Developers of electronic systems – both hardware and software – generally make the assumption that nothing will go wrong. They do this regardless of the knowledge that problems with electronics as a result of a design flaws or component failure and of malfunctioning software are common occurrences. There is a culture of denial resulting from a perception that little can be done about these issues without great expense or inconvenience. This is not the case.
An embedded system has sophisticated software that provides its core functionality. It is not a great leap to enhance this software to also monitor the health of the system itself. The starting points are the realization and admission that problems occur. It is then only a matter of devising self-test strategies.
Broadly speaking, there are four aspects of an embedded system that can fail:
- The CPU itself
- Peripheral electronics around the CPU
Each needs to be considered in turn.
Clearly, the functioning of the CPU is critical to its ability to run any software, including self-test. Total failure of the chip is relatively uncommon and quite apparent when it does happen, but there are other aspects to CPU failure.
It is becoming increasingly common to implement embedded systems using multiple cores. This is a great opportunity to improve system integrity. It is likely that the cores will communicate with one another in the course of their usual operation. With a little thought, this communication can be used to enable each core to monitor the wellbeing of others.

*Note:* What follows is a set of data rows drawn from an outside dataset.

(* Let $F$ be an algebraically closed field (of arbitrary characteristic) and let $V\subseteq M_2(F)$ be a Mathieu subspace with $\dim_FV=2$. Then either $V\subseteq I_2^\perp=\{b\in M_2(F):\mathrm{Tr}(b)=0\}$, or there exist nonzero idempotents $e_1,e_2\in M_2(F)$ with $e_1+e_2=I_2$ and distinct nonzero $\lambda_1,\lambda_2\in F$ with $\lambda_1+\lambda_2\ne0$ such that $V=F(\lambda_1e_1+\lambda_2e_2)+e_1M_2(F)e_2$. Equivalently, either $V\subseteq I_2^\perp$ or $V$ is conjugate to $\left\{\begin{pmatrix}\lambda_1s&t\\0&\lambda_2s\end{pmatrix}: s,t\in F\right\}$ for some distinct nonzero $\lambda_1,\lambda_2\in F$ with $\lambda_1+\lambda_2\ne0$.
   Context: Let $\mathcal A$ be an associative algebra over a field $F$. An $F$-subspace $M\subseteq\mathcal A$ is a Mathieu subspace (MS) of $\mathcal A$ if for all $a,b,c\in\mathcal A$ such that $a^m\in M$ for all $m\ge 1$, there exists $N$ (depending on $a,b,c$) such that $ba^mc\in M$ for all $m\ge N$. *)

From HB Require Import structures.
From mathcomp Require Import all_boot all_order all_algebra.
Set Implicit Arguments. Unset Strict Implicit. Unset Printing Implicit Defensive.
Import GRing.Theory.
Local Open Scope ring_scope.

(* Mathieu subspace condition for a subset M of a ring A (the F-subspace
   property is supplied separately, e.g. by taking M to be a {vspace _}). *)
Definition mathieu {A : pzRingType} (M : {pred A}) : Prop :=
  forall a b c : A,
    (forall m : nat, (0 < m)%N -> a ^+ m \in M) ->
    exists N : nat, forall m : nat, (N <= m)%N -> b * a ^+ m * c \in M.

(* The argument rests on one general fact: a Mathieu subspace M containing a
   nonzero idempotent e contains every b e c (since e^m = e), and the matrix
   units then show that M is the whole matrix algebra.  Hence a proper Mathieu
   subspace V of M_2(F) contains no nonzero idempotent; by Cayley-Hamilton a
   singular x with tr x <> 0 would give the idempotent x / tr x, so every
   singular element of V is traceless, and 1 is not in V.

   Now let dim V = 2 and suppose some y in V has tr y <> 0.  Over a closed
   field the plane V contains a nonzero singular n (a root of the quadratic
   det (s z + y)); n is traceless, hence similar to the matrix unit E12, and
   V is spanned by n and y.  In the basis putting n in the form E12, the
   matrix of y is upper triangular (otherwise some y + t n would be singular
   with nonzero trace) with distinct nonzero diagonal entries l1, l2
   (otherwise 1 would lie in V).  Conjugating back the diagonal matrix units
   gives the idempotents e1, e2, and V = F (l1 e1 + l2 e2) + e1 M_2(F) e2. *)

From Stdlib Require Import Classical.
From HB Require Import structures.
From mathcomp Require Import all_boot all_order all_algebra.
From mathcomp Require Import ring.
Import GRing.Theory.
Local Open Scope ring_scope.
Set Implicit Arguments.
Unset Strict Implicit.

(* In any ring, a Mathieu subset containing an idempotent e contains all the
   products b e c: the powers of e are all equal to e. *)
Lemma mathieu_idempotent_sandwich (A : pzRingType) (M : {pred A}) (e b c : A) :
  mathieu M -> e \in M -> e * e = e -> b * e * c \in M.
Proof.
move=> HM eM ee.
have e_pow m : (0 < m)%N -> e ^+ m = e.
  by case: m => // m _; elim: m => [|m IHm]; rewrite ?expr1 // exprS IHm ee.
have [|N HN] := HM e b c; first by move=> m m_gt0; rewrite e_pow.
by have := HN N.+1 (leqnSn N); rewrite e_pow.
Qed.

Lemma delta_sandwich (R : comPzRingType) (n : nat) (A : 'M[R]_n) (r i j s : 'I_n) :
  delta_mx r i *m A *m delta_mx j s = A i j *: delta_mx r s.
Proof.
rewrite -(mul_delta_mx (0 : 'I_1) r i) -(mul_delta_mx (0 : 'I_1) j s) !mulmxA.
rewrite -(mulmxA _ _ A) -rowE -(mulmxA _ _ (delta_mx j 0)) -colE.
by rewrite [col j _]mx11_scalar mul_mx_scalar -scalemxAl mul_delta_mx !mxE.
Qed.

(* A subspace of M_n(F) containing all b e c for some nonzero e is everything:
   each matrix unit is a multiple of some E_ri e E_js. *)
Lemma sandwich_full (F : fieldType) (n : nat) (V : {vspace 'M[F]_n.+1})
    (e : 'M[F]_n.+1) :
  e != 0 -> (forall b c, b * e * c \in V) -> V = fullv.
Proof.
move=> /matrix0Pn [i [j eij]] sandV; apply/vspaceP => x; rewrite memvf.
rewrite (matrix_sum_delta x); apply: memv_suml => r _; apply: memv_suml => s _.
have -> : x r s *: delta_mx r s = (x r s / e i j) *: (delta_mx r i * e * delta_mx j s).
  by rewrite [_ * _ * _]delta_sandwich scalerA divfK.
exact: memvZ.
Qed.

Lemma mathieu_no_idempotent (F : fieldType) (n : nat) (V : {vspace 'M[F]_n.+1})
    (e : 'M[F]_n.+1) :
  mathieu (V : {pred 'M[F]_n.+1}) -> V != fullv -> e \in V -> e * e = e -> e = 0.
Proof.
move=> HM V_proper eV ee; apply: contraNeq V_proper => e_nz; apply/eqP.
by apply: (sandwich_full e_nz) => b c; apply: mathieu_idempotent_sandwich.
Qed.

Lemma quadratic_root (F : closedFieldType) (a b c : F) :
  a != 0 -> exists s, a * s ^+ 2 + b * s + c = 0.
Proof.
move=> a_nz; have [s] := @solve_monicpoly F 2 (nth 0 [:: - c / a; - b / a]) isT.
rewrite !big_ord_recl big_ord0 /= expr0 expr1 => s2E.
by exists s; rewrite s2E; field.
Qed.

Section TwoByTwo.
Variable R : comNzRingType.

(* Explicit 2 x 2 matrices, so that matrix identities reduce to [ring]. *)
Definition mx2 (a b c d : R) : 'M[R]_2 :=
  \matrix_(i, j) if i == 0 then (if j == 0 then a else b)
                 else (if j == 0 then c else d).

Lemma ord2P (i : 'I_2) : i = 0 \/ i = 1.
Proof. by case: i => [[|[|//]]] i_lt2; [left | right]; apply: val_inj. Qed.

Lemma mx2_eta (M : 'M[R]_2) : M = mx2 (M 0 0) (M 0 1) (M 1 0) (M 1 1).
Proof. by apply/matrixP=> i j; rewrite mxE; case: (ord2P i) => ->; case: (ord2P j) => ->. Qed.

Lemma mulmx2 a b c d a' b' c' d' : mx2 a b c d * mx2 a' b' c' d' =
  mx2 (a * a' + b * c') (a * b' + b * d') (c * a' + d * c') (c * b' + d * d').
Proof.
apply/matrixP=> i j; rewrite -mulmxE !mxE !big_ord_recl big_ord0 addr0 !mxE.
by case: (ord2P i) => ->; case: (ord2P j) => ->.
Qed.

Lemma addmx2 a b c d a' b' c' d' :
  mx2 a b c d + mx2 a' b' c' d' = mx2 (a + a') (b + b') (c + c') (d + d').
Proof. by apply/matrixP=> i j; rewrite !mxE; case: (ord2P i) => ->; case: (ord2P j) => ->. Qed.

Lemma scalemx2 k a b c d : k *: mx2 a b c d = mx2 (k * a) (k * b) (k * c) (k * d).
Proof. by apply/matrixP=> i j; rewrite !mxE; case: (ord2P i) => ->; case: (ord2P j) => ->. Qed.

Lemma oppmx2 a b c d : - mx2 a b c d = mx2 (- a) (- b) (- c) (- d).
Proof. by apply/matrixP=> i j; rewrite !mxE; case: (ord2P i) => ->; case: (ord2P j) => ->. Qed.

Lemma onemx2 : 1 = mx2 1 0 0 1.
Proof. by apply/matrixP=> i j; rewrite !mxE; case: (ord2P i) => ->; case: (ord2P j) => ->. Qed.

Lemma zeromx2 : 0 = mx2 0 0 0 0.
Proof. by apply/matrixP=> i j; rewrite !mxE; case: (ord2P i) => ->; case: (ord2P j) => ->. Qed.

Partial failure of a CPU is very unlikely. For example, it is hard to imagine a device suddenly ‘forgetting’ how to add two numbers. However, a subtle design flaw, one that may only affect a certain (probably early) batch of devices, is far from unknown. If undetected, such a flaw will be there as soon as the chip is used. It should theoretically be picked up by the quality control process for the components used to build the system, but a quick check for any known flaws during initialization may be prudent.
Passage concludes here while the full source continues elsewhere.